Set down every entry below exactly as it stands.

************

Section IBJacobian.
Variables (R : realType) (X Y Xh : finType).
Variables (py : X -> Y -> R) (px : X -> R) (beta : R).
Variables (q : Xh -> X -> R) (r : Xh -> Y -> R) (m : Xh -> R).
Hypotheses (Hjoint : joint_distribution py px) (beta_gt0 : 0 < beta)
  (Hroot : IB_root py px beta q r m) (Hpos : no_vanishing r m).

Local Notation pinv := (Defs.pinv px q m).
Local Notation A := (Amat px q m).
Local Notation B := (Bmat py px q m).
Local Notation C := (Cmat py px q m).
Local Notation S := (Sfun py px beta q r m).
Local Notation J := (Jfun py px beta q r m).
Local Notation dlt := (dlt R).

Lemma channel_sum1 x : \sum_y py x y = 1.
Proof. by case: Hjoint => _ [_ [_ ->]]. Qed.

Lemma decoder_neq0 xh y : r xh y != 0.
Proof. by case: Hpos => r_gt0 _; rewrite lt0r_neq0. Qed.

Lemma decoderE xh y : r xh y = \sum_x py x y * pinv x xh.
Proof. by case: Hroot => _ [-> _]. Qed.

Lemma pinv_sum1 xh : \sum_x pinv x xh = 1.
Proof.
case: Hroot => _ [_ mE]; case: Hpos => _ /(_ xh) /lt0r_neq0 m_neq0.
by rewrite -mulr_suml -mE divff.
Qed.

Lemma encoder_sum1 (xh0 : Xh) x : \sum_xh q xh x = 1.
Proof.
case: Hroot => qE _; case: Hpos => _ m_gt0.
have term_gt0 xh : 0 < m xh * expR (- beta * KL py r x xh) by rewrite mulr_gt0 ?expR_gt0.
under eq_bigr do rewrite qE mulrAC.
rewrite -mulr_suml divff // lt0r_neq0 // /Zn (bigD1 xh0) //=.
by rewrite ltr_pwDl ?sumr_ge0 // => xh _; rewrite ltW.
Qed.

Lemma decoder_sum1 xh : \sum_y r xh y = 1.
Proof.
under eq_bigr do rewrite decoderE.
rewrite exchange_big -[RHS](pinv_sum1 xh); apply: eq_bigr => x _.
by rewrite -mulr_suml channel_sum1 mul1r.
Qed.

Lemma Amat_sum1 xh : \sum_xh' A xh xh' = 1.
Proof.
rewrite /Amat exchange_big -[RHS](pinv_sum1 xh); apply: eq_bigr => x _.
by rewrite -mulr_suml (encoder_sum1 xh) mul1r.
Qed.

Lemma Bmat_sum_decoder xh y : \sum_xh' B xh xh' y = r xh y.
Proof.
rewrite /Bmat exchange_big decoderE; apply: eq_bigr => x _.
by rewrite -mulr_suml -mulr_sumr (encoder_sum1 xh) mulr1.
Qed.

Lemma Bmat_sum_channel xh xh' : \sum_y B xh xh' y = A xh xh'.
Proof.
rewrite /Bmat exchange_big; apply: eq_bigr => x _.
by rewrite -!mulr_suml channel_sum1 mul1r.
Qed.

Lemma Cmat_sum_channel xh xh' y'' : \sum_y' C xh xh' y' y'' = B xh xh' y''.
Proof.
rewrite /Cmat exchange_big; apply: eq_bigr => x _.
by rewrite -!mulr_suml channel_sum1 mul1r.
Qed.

************

RESULT
Section IBJacobian.
Variables (R : realType) (X Y Xh : finType).
Variables (py : X -> Y -> R) (px : X -> R) (beta : R).
Variables (q : Xh -> X -> R) (r : Xh -> Y -> R) (m : Xh -> R).
Hypotheses (Hjoint : joint_distribution py px) (beta_gt0 : 0 < beta)
  (Hroot : IB_root py px beta q r m) (Hpos : no_vanishing r m).

Local Notation pinv := (Defs.pinv px q m).
Local Notation A := (Amat px q m).
Local Notation B := (Bmat py px q m).
Local Notation C := (Cmat py px q m).
Local Notation S := (Sfun py px beta q r m).
Local Notation J := (Jfun py px beta q r m).
Local Notation dlt := (dlt R).

Lemma channel_sum1 x : \sum_y py x y = 1.
Proof. by case: Hjoint => _ [_ [_ ->]]. Qed.

Lemma decoder_neq0 xh y : r xh y != 0.
Proof. by case: Hpos => r_gt0 _; rewrite lt0r_neq0. Qed.

Lemma decoderE xh y : r xh y = \sum_x py x y * pinv x xh.
Proof. by case: Hroot => _ [-> _]. Qed.

Lemma pinv_sum1 xh : \sum_x pinv x xh = 1.
Proof.
case: Hroot => _ [_ mE]; case: Hpos => _ /(_ xh) /lt0r_neq0 m_neq0.
by rewrite -mulr_suml -mE divff.
Qed.

Lemma encoder_sum1 (xh0 : Xh) x : \sum_xh q xh x = 1.
Proof.
case: Hroot => qE _; case: Hpos => _ m_gt0.
have term_gt0 xh : 0 < m xh * expR (- beta * KL py r x xh) by rewrite mulr_gt0 ?expR_gt0.
under eq_bigr do rewrite qE mulrAC.
rewrite -mulr_suml divff // lt0r_neq0 // /Zn (bigD1 xh0) //=.
by rewrite ltr_pwDl ?sumr_ge0 // => xh _; rewrite ltW.
Qed.

Lemma decoder_sum1 xh : \sum_y r xh y = 1.
Proof.
under eq_bigr do rewrite decoderE.
rewrite exchange_big -[RHS](pinv_sum1 xh); apply: eq_bigr => x _.
by rewrite -mulr_suml channel_sum1 mul1r.
Qed.

Lemma Amat_sum1 xh : \sum_xh' A xh xh' = 1.
Proof.
rewrite /Amat exchange_big -[RHS](pinv_sum1 xh); apply: eq_bigr => x _.
by rewrite -mulr_suml (encoder_sum1 xh) mul1r.
Qed.

Lemma Bmat_sum_decoder xh y : \sum_xh' B xh xh' y = r xh y.
Proof.
rewrite /Bmat exchange_big decoderE; apply: eq_bigr => x _.
by rewrite -mulr_suml -mulr_sumr (encoder_sum1 xh) mulr1.
Qed.

Lemma Bmat_sum_channel xh xh' : \sum_y B xh xh' y = A xh xh'.
Proof.
rewrite /Bmat exchange_big; apply: eq_bigr => x _.
by rewrite -!mulr_suml channel_sum1 mul1r.
Qed.

Lemma Cmat_sum_channel xh xh' y'' : \sum_y' C xh xh' y' y'' = B xh xh' y''.
Proof.
rewrite /Cmat exchange_big; apply: eq_bigr => x _.
by rewrite -!mulr_suml channel_sum1 mul1r.
Qed.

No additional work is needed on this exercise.